I am working on ES for quite some time now and dealt with many issues
sometime by tuning my setting and analyzing logs to identify the
problem but this time I am clueless as there is no error in the logs.

Please suggest how can I hunt this down.


(jagdeep) #5

Hey Otis thanks.. I have dealt with OOM earlier, this does not seem
oom because cluster is completely ideal when this is happening. I am
keeping a track on JVM crash as suggested by Shay.

On Jun 23, 12:50 am, Otis Gospodnetic otis.gospodne...@gmail.com
wrote:

This smells like OOM (which doesn't always seem to get logged).

Otis

Search Analytics -http://sematext.com/search-analytics/index.html
Scalable Performance Monitoring -http://sematext.com/spm/index.html

On Thursday, June 21, 2012 3:50:22 AM UTC-4, jagdeep wrote:

Thanks Shay for the response.

  1. I stopped using service wrapper to track this problem but its still
    persisting.
  2. Will definitely check JVM crash files.
  3. It dumps the memory before getting crashed, heap dump of size 21-26
    GB. I can understand the heap dump at the time of faceting or
    indexing but at this time there is no activity what so ever.

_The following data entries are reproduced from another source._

Lemma closure_sub_adjoint y z : closure D y z -> adjoint D y z.
Proof.
  intros Cl x w Dxw. rewrite (hinner_conj _ w y), (hinner_conj _ x z).
  f_equal. symmetry. exact (adjoint_closure x w (symmetric_sub_adjoint x w Dxw) y z Cl).
Qed.

Lemma closure_is_operator : is_operator (closure D).
Proof.
  pose proof Dsym as [(D0 & Dadd & Dscal & _) [Ddense _]].
  split; [|split; [|split]].
  - now apply closure_incl.
  - intros x w y z (u1 & v1 & D1 & C1 & C1') (u2 & v2 & D2 & C2 & C2').
    exists (fun n => hadd (u1 n) (u2 n)), (fun n => hadd (v1 n) (v2 n)).
    split; [intro; now apply Dadd | split; now apply hconv_add].
  - intros a x w (u & v & Duv & Cu & Cv).
    exists (fun n => hscal a (u n)), (fun n => hscal a (v n)).
    split; [intro; now apply Dscal | split; now apply hconv_scal].
  - intros x y1 y2 E1 E2. apply hsub_eq0, hnorm_eq0, Rle_antisym; [| apply hnorm_ge0].
    apply (hnorm_le_dense D Ddense); [lra|]. intros x' [w' Dxw'].
    assert (E : forall y, closure D x y -> re (hinner x' y) = re (hinner x w')).
    { intros y Cy. rewrite re_hinnerC.
      now rewrite (adjoint_closure _ _ (symmetric_sub_adjoint _ _ Dxw') _ _ Cy). }
    rewrite re_hinnerBr, (E y1 E1), (E y2 E2), Rminus_diag, Rabs_R0. lra.
Qed.

(* For x in Dom D, <x, q_k> = <p_k, D x> -> <y, D x> = <x, z>; density and
   boundedness extend this to all test vectors. *)
Lemma weakly_null_graph y z (p q : nat -> H) B : adjoint D y z ->
  (forall k, D (p k) (q k)) -> hconv p y -> (forall k, hnorm (q k) <= B) ->
  weakly_null (fun k => hsub (q k) z).
Proof.
  intros Ayz Dpq Cp Bq. pose proof Dsym as (_ & Ddense & S).
  apply (weakly_null_dense D Ddense _ (B + hnorm z)).
  - intro k. pose proof (hnorm_sub_le (q k) z). specialize (Bq k). lra.
  - intros x [w Dxw]. eapply Un_cv_ext; [| exact (hconv_weakly_null p y Cp w)].
    intro k. cbn beta. rewrite !re_hinnerBr, (re_hinnerC x (q k)).
    now rewrite (S _ _ _ _ (Dpq k) Dxw), <- (Ayz x w Dxw), (re_hinnerC (p k)).
Qed.

Section Adequate.
Variable phi : nat -> H -> H.
Hypothesis Dadeq : adequate_approx_identity D phi.

(* For x in Dom D, <x, Dbar (phi_k y)> = <x, phi_k z> - <[Dbar, phi_k] x, y>,
   which the uniform commutator bound controls by a multiple of |x|. *)
Lemma closure_phi_bounded y z : adjoint D y z ->
  exists K, forall k, exists v, closure D (phi k y) v /\ hnorm v <= K.
Proof.
  intros Ayz. destruct Dadeq as [[Hsa Hconv] [Hdom [_ [M HM]]]].
  pose proof Dsym as (_ & Ddense & _).
  destruct (hconv_bounded _ _ (Hconv z)) as [Bz HBz].
  exists (Rabs Bz + Rabs M * hnorm y). intro k.
  destruct (Hdom k y (ex_intro _ z Ayz)) as [v Cv]. exists v. split; [exact Cv|].
  apply (hnorm_le_dense D Ddense).
  { pose proof (Rabs_pos Bz). pose proof (Rabs_pos M). pose proof (hnorm_ge0 y). nra. }
  intros x [w Dxw].
  pose proof (symmetric_sub_adjoint _ _ Dxw) as Axw.
  destruct (Hdom k x (ex_intro _ w Axw)) as [v' Cv'].
  specialize (HM k x w v' Dxw Cv').
  destruct (Hsa k) as (_ & _ & _ & SA).
  assert (Eq : re (hinner x v) = re (hinner x (phi k z)) - re (hinner (hsub v' (phi k w)) y)).
  { rewrite re_hinnerBl, (re_hinnerC x v), (adjoint_closure _ _ Axw _ _ Cv).
    rewrite (adjoint_closure _ _ Ayz _ _ Cv'), SA, SA, (re_hinnerC y). ring. }
  rewrite Eq. eapply Rle_trans; [apply Rabs_triang|]. rewrite Rabs_Ropp.
  pose proof (Cauchy_Schwarz x (phi k z)). pose proof (Cauchy_Schwarz (hsub v' (phi k w)) y).
  specialize (HBz k). pose proof (hnorm_ge0 x). pose proof (hnorm_ge0 y).
  pose proof (hnorm_ge0 (phi k z)). pose proof (Rle_abs Bz). pose proof (Rle_abs M).
  assert (hnorm (hsub v' (phi k w)) <= Rabs M * hnorm x) by nra.
  nra.
Qed.

Lemma adjoint_sub_closure y z : adjoint D y z -> closure D y z.
Proof.
  intros Ayz. pose proof Dsym as [Dop _].
  destruct Dadeq as [[_ Hconv] _].
  destruct (closure_phi_bounded y z Ayz) as [K HK].
  destruct (graph_approximation _ _ _ (Hconv y) HK) as (p & q & Dpq & Cp & Bq).
  destruct (hconv_bounded _ _ Cp) as [Bp HBp].
  assert (Bpy : forall k, hnorm (hsub (p k) y) <= Bp + hnorm y).
  { intro k. pose proof (hnorm_sub_le (p k) y). specialize (HBp k). lra. }
  assert (Bqz : forall k, hnorm (hsub (q k) z) <= K + 1 + hnorm z).
  { intro k. pose proof (hnorm_sub_le (q k) z). specialize (Bq k). lra. }
  destruct (weakly_null_cesaro_select _ _ _ _ Bpy Bqz (hconv_weakly_null _ _ Cp)
              (weakly_null_graph y z p q _ Ayz Dpq Cp Bq)) as (s & Cps & Cqs).
  exists (cesaro (fun n => p (s n))), (cesaro (fun n => q (s n))).
  split; [now apply is_operator_cesaro|].
  split; now apply cesaro_sub_null.
Qed.
Lemma xlog_bound (p : nat) (u : R) : 0 < u < 1 ->
  u * (- ln u) ^ p <= INR (S p) ^ (S p) / (- ln u).
Proof.
  intros Hu.
  set (t := - ln u).
  assert (Ht : 0 < t) by (unfold t; assert (ln u < ln 1) by (apply ln_increasing; lra); rewrite ln_1 in *; lra).
  assert (Hq := INR_S_pos p).
  set (a := t / INR (S p)).
  assert (Ha : 0 <= a) by (unfold a; apply Rlt_le, Rdiv_lt_0_compat; lra).
  assert (Hexp : exp t = / u).
  { unfold t. rewrite <- ln_Rinv by lra. apply exp_ln, Rinv_0_lt_compat; lra. }
  assert (Ha2 : a ^ S p <= / u).
  { rewrite <- Hexp. replace t with (INR (S p) * a) by (unfold a; field; lra).
    rewrite exp_INR_mult. apply pow_incr. assert (H1 := exp_ineq1_le a). lra. }
  assert (Htp : t ^ S p = INR (S p) ^ S p * a ^ S p).
  { rewrite <- Rpow_mult_distr. f_equal. unfold a. field. lra. }
  apply (Rmult_le_reg_r t); [exact Ht|].
  replace (INR (S p) ^ S p / t * t) with (INR (S p) ^ S p) by (field; lra).
  replace (u * t ^ p * t) with (u * t ^ S p) by (simpl; ring).
  rewrite Htp.
  assert (0 < INR (S p) ^ S p) by (apply pow_lt; lra).
  apply Rle_trans with (u * (INR (S p) ^ S p * / u)).
  - apply Rmult_le_compat_l; [lra|]. apply Rmult_le_compat_l; lra.
  - right. field. lra.
Qed.

Lemma xlog_lim1 (p : nat) : lim1 (fun z => (1 - z) * (- ln (1 - z)) ^ p) 0.
Proof.
  apply lim1_intro. intros eps Heps.
  set (C := INR (S p) ^ S p).
  assert (HC : 0 < C) by (apply pow_lt, INR_S_pos).
  assert (HCe : 0 < C / eps) by (apply Rdiv_lt_0_compat; lra).
  exists (exp (- (C / eps))). split; [apply exp_pos|].
  intros z Hz. set (u := 1 - z).
  assert (Hd1 : exp (- (C / eps)) < 1) by (rewrite <- exp_0; apply exp_increasing; lra).
  assert (Hu : 0 < u < exp (- (C / eps))) by (unfold u; lra).
  assert (Hlu : ln u < - (C / eps)) by (rewrite <- (ln_exp (- (C / eps))); apply ln_increasing; lra).
  assert (Hb := xlog_bound p u ltac:(lra)). fold C in Hb.
  assert (H0 : 0 <= u * (- ln u) ^ p) by (apply Rmult_le_pos; [lra|apply pow_le; lra]).
  rewrite Rminus_0_r, Rabs_right by lra.
  apply Rle_lt_trans with (1 := Hb).
  apply (Rmult_lt_reg_r (- ln u)); [lra|].
  replace (C / - ln u * - ln u) with C by (field; lra).
  apply (Rmult_lt_reg_l (/ eps)); [apply Rinv_0_lt_compat; lra|].
  replace (/ eps * (eps * - ln u)) with (- ln u) by (field; lra).
  unfold Rdiv in Hlu. lra.
Qed.
End DsetClosure.

Section MatrixUnits.
Variables (F : fieldType) (A : algType F) (n : nat).

Definition mx_units (E : 'I_n -> 'I_n -> A) : Prop :=
  \sum_i E i i = 1 /\ forall i j k l, E i j * E k l = if j == k then E i l else 0.

Lemma mx_embedding_units (f : 'M[F]_n -> A) :
  unital_mx_embedding f -> mx_units (fun i j => f (delta_mx i j)).
Proof.
case=> f_lin f_mul f1 _; split=> [|i j k l].
  rewrite -(linear_fun_sum f_lin) -f1 scalar_mx_sum_delta.
  by congr f; apply: eq_bigr => i _; rewrite scale1r.
rewrite -f_mul mul_delta_mx_cond.
by case: (j == k); rewrite ?mulr1n ?mulr0n ?linear_fun0.
Qed.

Variable E : 'I_n -> 'I_n -> A.
Hypothesis E_units : mx_units E.

Definition mx_of_units (X : 'M[F]_n) : A := \sum_i \sum_j X i j *: E i j.

Lemma mx_units_mull i j X : E i j * mx_of_units X = \sum_l X j l *: E i l.
Proof.
have [_ E_mul] := E_units.
rewrite mulr_sumr [LHS](bigD1 j) //= [X in _ + X]big1 ?addr0 => [|k kj].
  by rewrite mulr_sumr; apply: eq_bigr => l _; rewrite -scalerAr E_mul eqxx.
rewrite mulr_sumr big1 // => l _.
by rewrite -scalerAr E_mul eq_sym (negPf kj) scaler0.
Qed.

Lemma mx_units_sandwich a b c d X :
  E a b * mx_of_units X * E c d = X b c *: E a d.
Proof.
have [_ E_mul] := E_units.
rewrite mx_units_mull mulr_suml [LHS](bigD1 c) //= [X in _ + X]big1 ?addr0 => [|l lc].
  by rewrite -scalerAl E_mul eqxx.
by rewrite -scalerAl E_mul (negPf lc) scaler0.
Qed.

Lemma mx_units_embedding : unital_mx_embedding mx_of_units.
Proof.
have [E_sum _] := E_units; split.
- move=> c X Y; rewrite /mx_of_units scaler_sumr -big_split; apply: eq_bigr => i _.
  rewrite scaler_sumr -big_split; apply: eq_bigr => j _.
  by rewrite !mxE scalerDl scalerA.
- move=> X Y; rewrite [mx_of_units (X *m Y)]/mx_of_units [mx_of_units X]/mx_of_units.
  rewrite mulr_suml; apply: eq_bigr => i _; rewrite mulr_suml.
  under [RHS]eq_bigr => j _ do rewrite -scalerAl mx_units_mull scaler_sumr.
  rewrite exchange_big; apply: eq_bigr => l _; rewrite mxE scaler_suml.
  by apply: eq_bigr => j _; rewrite scalerA.
- rewrite /mx_of_units -E_sum; apply: eq_bigr => i _.
  rewrite (bigD1 i) //= big1 ?addr0 => [|j ji]; first by rewrite mxE eqxx scale1r.
  by rewrite mxE eq_sym (negPf ji) scale0r.
- move=> X Y eqXY; apply/matrixP => b c.
  have : X b c *: (1 : A) = Y b c *: 1.
    rewrite -E_sum !scaler_sumr; apply: eq_bigr => a _.
    by rewrite -!mx_units_sandwich eqXY.
  by move/eqP; rewrite -subr_eq0 -scalerBl scaler_eq0 oner_eq0 orbF subr_eq0 => /eqP.
Qed.

End MatrixUnits.

Lemma Dset_mx_units (F : fieldType) (A : algType F) n :
  (0 < n)%N -> Dset A n <-> exists E : 'I_n -> 'I_n -> A, mx_units E.
Proof.
move=> n_gt0; split=> [[_ [f f_emb]] | [E E_units]].
  by exists (fun i j => f (delta_mx i j)); apply: mx_embedding_units.
by split=> //; exists (mx_of_units E); apply: mx_units_embedding.
Qed.

Section MxUnitsFormula.
Variables (F : fieldType) (n : nat).

Definition mx_unit_var (i j : 'I_n) : aterm F := @TVar F (i * n + j).

Definition FAnd_seq (T : Type) (s : seq T) (G : T -> aformula F) : aformula F :=
  foldr (fun x => FAnd (G x)) FTrue s.

Definition mx_units_formula : aformula F :=
  FAnd (FEq (foldr (fun i => TAdd (mx_unit_var i i)) TZero (index_enum 'I_n)) TOne)
    (FAnd_seq (index_enum ('I_n * 'I_n * 'I_n * 'I_n)%type) (fun '(i, j, k, l) =>
      FEq (TMul (mx_unit_var i j) (mx_unit_var k l))
          (if j == k then mx_unit_var i l else TZero))).

Definition no_mx_units_sentence : aformula F := forall_closure (FNot mx_units_formula).

Lemma holds_FAnd_seq (A : algType F) (e : nat -> A) (T : eqType) (s : seq T) G :
  holds e (FAnd_seq s G) <-> forall x, x \in s -> holds e (G x).
Proof.
elim: s => [|x s IH] /=; first by [].
rewrite IH; split=> [[Gx Gs] y /predU1P [-> //|]|Gs]; first exact: Gs.
by split=> [|y ys]; apply: Gs; rewrite inE ?eqxx ?ys ?orbT.
Qed.

Lemma qfree_mx_units_formula : qfree mx_units_formula.
Proof.
rewrite /= /FAnd_seq.
by elim: (index_enum _) => //= -[[[i j] k] l] s ->; case: (j == k).
Qed.

Lemma holds_mx_units_formula (A : algType F) (e : nat -> A) :
  holds e mx_units_formula <-> mx_units (fun i j : 'I_n => e (i * n + j)%N).
Proof.
rewrite /= holds_FAnd_seq.
have -> : term_eval e (foldr (fun i : 'I_n => TAdd (mx_unit_var i i)) TZero (index_enum 'I_n))
    = \sum_(i < n) e (i * n + i)%N.
  by rewrite unlock; elim: (index_enum 'I_n) => //= i s ->.
split=> -[e_sum e_mul]; split=> //.
  by move=> i j k l; have := e_mul (i, j, k, l) (mem_index_enum _); case: (j == k).
by move=> [[[i j] k] l] _; have := e_mul i j k l; case: (j == k).
Qed.

End MxUnitsFormula.

Lemma Dset_UTh (F : fieldType) (A : algType F) n :
  (0 < n)%N -> Dset A n <-> ~ UTh A (no_mx_units_sentence F n).
Proof.
move=> n_gt0; rewrite (Dset_mx_units _ n_gt0) UTh_forall_closure; last first.
  exact: qfree_mx_units_formula.
split=> [[E E_units] no_units | not_models].
  case: n n_gt0 E E_units no_units => // n _ E E_units no_units.
  pose e k := E (inord (k %/ n.+1)) (inord (k %% n.+1)).
  apply: (no_units e); apply/holds_mx_units_formula.
  suff -> : (fun i j : 'I_n.+1 => e (i * n.+1 + j)%N) = E by [].
  do 2!apply: functional_extensionality => ?.
  by rewrite /e divnMDl // modnMDl !modn_small // divn_small // addn0 !inord_val.
apply: NNPP => no_E; apply: not_models => e /holds_mx_units_formula E_units.
by apply: no_E; eexists; apply: E_units.
Qed.

Section Transfer.
Variables (F : fieldType) (A B : algType F).
Hypothesis lmB : locally_matrix B.
Hypothesis DBA : forall n, Dset B n -> Dset A n.

Lemma models_transfer g : qfree g -> models A g -> models B g.
Proof.
move=> qf_g A_g eB.
have [[|n] [//= _ [h [h_emb h_onto]]]] := lmB (map eB (free_vars g)).
have [_ [f f_emb]] := DBA (conj (ltn0Sn n) (ex_intro _ h h_emb)).
pose eM j := epsilon (inhabits 0) (fun X => h X = eB j).
have h_eM : {in free_vars g, h \o eM =1 eB}.
  by move=> j j_g; apply: (epsilon_spec _ _ (h_onto _ (map_f eB j_g))).
have [h_lin h_mul h1 h_inj] := h_emb; have [f_lin f_mul f1 f_inj] := f_emb.
rewrite -(holds_ext qf_g h_eM) (holds_comp h_lin h_mul h1 h_inj) //.
by rewrite -(holds_comp f_lin f_mul f1 f_inj).
Qed.

Lemma UTh_transfer g : UTh A g -> UTh B g.
Proof.
move=> [univ_g [closed_g A_g]]; split=> //; split=> //.
rewrite -models_qf_body; apply: models_transfer; first exact: universal_qf_body.
by rewrite models_qf_body.
Qed.

End Transfer.

Lemma univ_equiv_Dset (F : fieldType) (A B : algType F) :
  locally_matrix A -> locally_matrix B -> univ_equiv A B <-> Dset A = Dset B.
Proof.
move=> lmA lmB; split=> [AB | DAB g].
  apply: functional_extensionality => n; apply: propositional_extensionality.
  have [-> | n_gt0] := posnP n; first by split=> -[].
  by rewrite !Dset_UTh // AB.
by split; apply: UTh_transfer => // n; rewrite DAB.
Qed.

Theorem theorem3 (F : fieldType) (A B : algType F) :
  locally_matrix A -> locally_matrix B ->
  (univ_equiv A B <-> steinitz_n A = steinitz_n B).
Proof.
move=> lmA lmB; rewrite univ_equiv_Dset //.
split=> [| nAB]; first by rewrite /steinitz_n => ->.
apply: functional_extensionality => n; apply: propositional_extensionality.
by rewrite !DsetE // nAB.
Qed.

Any pointer towards this heap dump?

On Jun 21, 12:33 pm, Shay Banon kim...@gmail.com wrote:

I assume you look at the logs and oyu don't see any "shutdown" / closing
messages. This can happen for several reasons (I've see all of those):

  • an external process is calling "kill -9": Tricky to find, you need to
    find the process that does that...
  • the service wrapper (if you use it) kills the process. Check the
    service
    wrapper logs.
  • The JVM crashed. Check for jvm crash logs (hs_err files).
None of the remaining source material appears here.